- DIRECTIONS FOR THIS TASK -
Please copy out every line in the records below that includes the word "with".

[Saved entries]
^^^^
(* Let $q$ be an odd prime power. Then (i) $\prod\{a\in{\mathbb F}_q^\times: a \text{ and } 4-a \text{ are nonsquares in }{\mathbb F}_q\}=2$; (ii) $\prod\{a\in{\mathbb F}_q^\times: -a \text{ and } 4+a \text{ are nonsquares in }{\mathbb F}_q\}=2$ if $q\equiv\pm1\pmod 8$ and $=-2$ if $q\equiv\pm3\pmod 8$. *)

From HB Require Import structures.
From mathcomp Require Import all_boot all_order all_algebra all_field.
Set Implicit Arguments. Unset Strict Implicit. Unset Printing Implicit Defensive.
Import GRing.Theory.
Local Open Scope ring_scope.

Definition is_square (F : finFieldType) (a : F) : bool := [exists b : F, b ^+ 2 == a].

(* Write q = 2m + 1 and S = {a | a and 4 - a are nonsquares}.  Euler's
   criterion x^m = ±1 turns the count of S into character sums, giving
   2|S| + [-1 is a square] = m + 1.
   If -1 is a nonsquare, a |-> 16/a is an involution of S whose only possible
   fixed point is -4 (in S iff 2 is a nonsquare); pairing a with 16/a and
   evaluating 2^m by Euler's criterion gives the product 2.
   If -1 is a square, t |-> (1 + t)(1 + 1/t) maps the nonsquares onto S with
   fibres {t, 1/t}, so the product over S is the product of 1 + t over all
   nonsquares t, i.e. the value at -1 of X^m + 1 = prod (X - t), which is 2.
   Part (ii) is part (i) under a |-> -a, with the sign (-1)^|S| read off from
   the count of S. *)

From HB Require Import structures.
From mathcomp Require Import all_boot all_order all_algebra all_solvable all_field.
From mathcomp Require Import ring zify.
Import GRing.Theory.
Local Open Scope ring_scope.

Section FiniteSums.

Set Implicit Arguments.
Unset Strict Implicit.

Variable T : finType.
^^^^
- SOLUTION TO THE EXERCISE -
   fixed point is -4 (in S iff 2 is a nonsquare); pairing a with 16/a and
   If -1 is a square, t |-> (1 + t)(1 + 1/t) maps the nonsquares onto S with
   Part (ii) is part (i) under a |-> -a, with the sign (-1)^|S| read off from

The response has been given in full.